One of the things I often hear from companies recruiting candidates is that there's a talent shortage. But award-winning author and sales management expert Lee Salz views it differently: The talent is out there, you just have to know what you want (and how to find it).
Lee Salz wrote the book Hire Right, Higher Profits, which I highly recommend. Too often, he says, companies focus on people, not processes. The days of receiving a gold watch for 25 years of loyal service have come and gone and Generation Y is anything but loyal. However, it is possible to find loyal talent. Here, then, are four steps from Lee to help you recruit the right candidates.
Always Be Recruiting.
Much like grocery shopping when hungry, a big mistake is looking for candidates when you desperately need to hire them. Always be recruiting and open to networking. You never know where it will lead.
Use the Tools Correctly.
Assessment companies provide data about a candidate, but it's up to you to interpret it and combine it with nuances gleaned from those in-person interviews. The same goes for tracking systems, which are designed to make the hiring process more efficient. The problem is setting too many filters, which can shut out some great candidates.

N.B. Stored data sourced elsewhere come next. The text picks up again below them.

(* Write lambda = lambda_max * r with r in (0,1]^J, max r = 1, and x = r^D.  Both
   sides of the estimate are lambda_max^(4D-2) times expressions in x, s = r^(2D-2),
   A[z], B[z] and lambda_max <= K0, and the upper bound is a direct estimate.  For the
   lower bound, x ranges over the compact set {x in [0,1]^J | sum x >= 1}, where two
   functionals are positive at z = z*: |A* x|^2 + K0^2 |B* x|^2, since ker A* = R c
   and B* c <> 0 (this is v* <> 0), and, for every proper T with |T| >= 2,
   sum_(i in T) ((A*_T x)_i)^2 + sum_(j notin T) x_j^2, by minimal degeneracy.
   Compactness bounds both from below, uniformly for z near z*.  Given a threshold
   eta, either all r_i >= eta and the first bound controls everything, or
   T = {i | r_i >= eta} is proper, contains the two indices with r_i >= delta1 >= eta,
   the components off T are negligible, and the second bound controls the first
   term of the left-hand side. *)

Section SumBounds.
Context {R : realFieldType}.

Lemma ler_sum_term {I : finType} (P : pred I) (F : I -> R) i :
  P i -> (forall j, P j -> 0 <= F j) -> F i <= \sum_(j | P j) F j.
Proof. by move=> Pi F0; rewrite (bigD1 i) //= lerDl sumr_ge0 // => j /andP[/F0]. Qed.

Lemma ler_sum_ord (n : nat) (F : 'I_n -> R) (c : R) :
  (forall i, F i <= c) -> \sum_i F i <= n%:R * c.
Proof.
by move=> Fc; rewrite (le_trans (ler_sum _ (fun i _ => Fc i))) // sumr_const card_ord mulr_natl.
Qed.

Lemma ler_norm_sumB (n : nat) (F G : 'I_n -> R) (e : R) :
  (forall j, `|F j - G j| <= e) -> `|\sum_j F j - \sum_j G j| <= n%:R * e.
Proof. by move=> FG; rewrite -sumrB (le_trans (ler_norm_sum _ _ _)) // ler_sum_ord. Qed.

Lemma sqr_le_norm (u b : R) : `|u| <= b -> u ^+ 2 <= b ^+ 2.
Proof.
rewrite ler_norml => /andP[lo hi].
have : 0 <= (b - u) * (b + u) by apply: mulr_ge0; lra.
nra.
Qed.

Lemma ler_norm_near (u v a e : R) : `|v| <= a -> `|u - v| <= e -> `|u| <= a + e.
Proof.
move=> va uv; rewrite -[u](subrK v) (le_trans (ler_normD _ _)) //.
by rewrite addrC lerD.
Qed.

Lemma sqr_le_perturb (u v e : R) : `|u - v| <= e -> v ^+ 2 <= 2 * u ^+ 2 + 2 * e ^+ 2.
Proof. by move=> /sqr_le_norm uv_le; have := sqr_ge0 (u + (u - v)); nra. Qed.

Lemma sum_sqr_perturb (I : finType) (P : pred I) (u v : I -> R) (e : R) :
  (forall i, P i -> `|u i - v i| <= e) ->
  \sum_(i | P i) v i ^+ 2 <= 2 * \sum_(i | P i) u i ^+ 2 + 2 * (#|I|%:R * e ^+ 2).
Proof.
move=> uv; apply: le_trans (ler_sum _ (fun i Pi => sqr_le_perturb (uv i Pi))) _.
rewrite big_split /= -mulr_sumr lerD2l -mulr_sumr ler_wpM2l //.
rewrite mulr_natl -sumr_const [X in X <= _]big_mkcond ler_sum // => i _.
by case: (P i) => //; exact: sqr_ge0.
Qed.

Lemma sum_sqr_eq0 {I : finType} (P : pred I) (F : I -> R) :
  \sum_(i | P i) F i ^+ 2 = 0 -> forall i, P i -> F i = 0.
Proof.
move=> F0 i Pi; have := ler_sum_term (F := fun j => F j ^+ 2) Pi (fun j _ => sqr_ge0 (F j)).
by rewrite F0 => Fi_le0; apply/eqP; rewrite -sqrf_eq0 eq_le Fi_le0 sqr_ge0.
Qed.

Lemma fin_norm_bound {I : finType} (f : I -> R) : exists2 b, 0 <= b & forall i, `|f i| <= b.
Proof.
exists (\sum_i `|f i|) => [|i]; first by apply: sumr_ge0 => i _.
by apply: (ler_sum_term (P := xpredT) (F := fun i => `|f i|)) => // j _.
Qed.

Lemma exists_small_sqr (K c : R) : 0 <= K -> 0 < c ->
  exists2 e, 0 < e & K * e ^+ 2 <= c.
Proof.
move=> K0 c0; have K1 : 0 < K + 1 by rewrite ltr_wpDl.
exists (Num.min 1 (c / (K + 1))); first by rewrite lt_min ltr01 divr_gt0.
set e := Num.min _ _; have e1 : e <= 1 by rewrite ge_min lexx.
have e0 : 0 <= e by rewrite le_min ler01 divr_ge0 ?ltW.
have ec : (K + 1) * e <= c by rewrite mulrC -ler_pdivlMr // ge_min lexx orbT.
have : K * e ^+ 2 <= K * e by rewrite ler_wpM2l // expr2 ler_piMl.
nra.
Qed.

End SumBounds.

Section Norms.
Context {R : realType}.

Lemma vnorm2_ge0 N (y : pt R N) : 0 <= vnorm2 y.
Proof. by apply: sumr_ge0 => k _; exact: sqr_ge0. Qed.

Lemma jnorm2_ge0 J (y : 'I_J -> R) : 0 <= jnorm2 y.
Proof. by apply: sumr_ge0 => i _; exact: sqr_ge0. Qed.

Lemma vnorm2_scale N (a : R) (y : pt R N) : vnorm2 (fun k => a * y k) = a ^+ 2 * vnorm2 y.
Proof. by rewrite /vnorm2 mulr_sumr; apply: eq_bigr => k _; rewrite exprMn. Qed.

Lemma jnorm2_scale J (a : R) (y : 'I_J -> R) : jnorm2 (fun i => a * y i) = a ^+ 2 * jnorm2 y.
Proof. by rewrite /jnorm2 mulr_sumr; apply: eq_bigr => i _; rewrite exprMn. Qed.

End Norms.

Section Convergence.
Context {R : realType} {T : Type} (F : set_system T) {FF : Filter F}.

Lemma cvg_sumr (I : Type) (r : seq I) (P : pred I) (f : I -> T -> R) (a : I -> R) :
  (forall i, P i -> f i @ F --> a i) ->
  (fun t => \sum_(i <- r | P i) f i t) @ F --> \sum_(i <- r | P i) a i.
Proof. by apply: cvg_big; exact: add_continuous. Qed.

Lemma cvg_exprn (f : T -> R) (a : R) n :
  f @ F --> a -> (fun t => f t ^+ n) @ F --> a ^+ n.
Proof. by move=> fa; exact: cvg_comp _ _ fa (@exprn_continuous R n a). Qed.

End Convergence.

Section NearConfiguration.
Variables (R : realType) (N J : nat) (zs : 'I_J -> pt R N).

Definition cfg_nbhs : set_system ('I_J -> pt R N) :=
  filter_from [set d : R | 0 < d] (fun d => [set z | cfg_dist z zs < d]).

Lemma cfg_dist_refl : cfg_dist zs zs = 0.
Proof.
rewrite /cfg_dist big1 ?sqrtr0 // => i _.
by rewrite /vnorm2 big1 // => k _; rewrite /vsub subrr expr0n.
Qed.

Global Instance cfg_nbhs_filter : ProperFilter cfg_nbhs.
Proof.
apply: filter_from_proper => [|d d0]; last by exists zs; rewrite /= cfg_dist_refl.
apply: filter_from_filter; first by exists 1; exact: ltr01.
move=> a b a0 b0; exists (Num.min a b); first by rewrite /= lt_min a0 b0.
by move=> z /=; rewrite lt_min => /andP[].
Qed.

So manage these tools correctly and consider them part of the overall process, not the end-all be-all.
Do Your Homework.
When considering a candidate, be sure to assess all the factors that will help that person succeed or fail, as the case may be. Prioritize those factors based on their level of impact and come up with a "Performance Factor Portfolio." This sheet will give weight to the qualities you're after and help you keep score as you interview candidates. Base your interview questions on those priorities to see not only if a candidate is the right fit but what skills he or she has to offer.
Give Them a Test.
Before you make an offer, ask for a one-page business proposal in which the candidate explains how she or he would succeed at your company. Let him or her set the deadline. This step will reveal five things: whether she can communicate in writing; how well she gets the role; whether she's aligned with your company and can meet deadlines; and whether she is capable of following directions. All of these are important.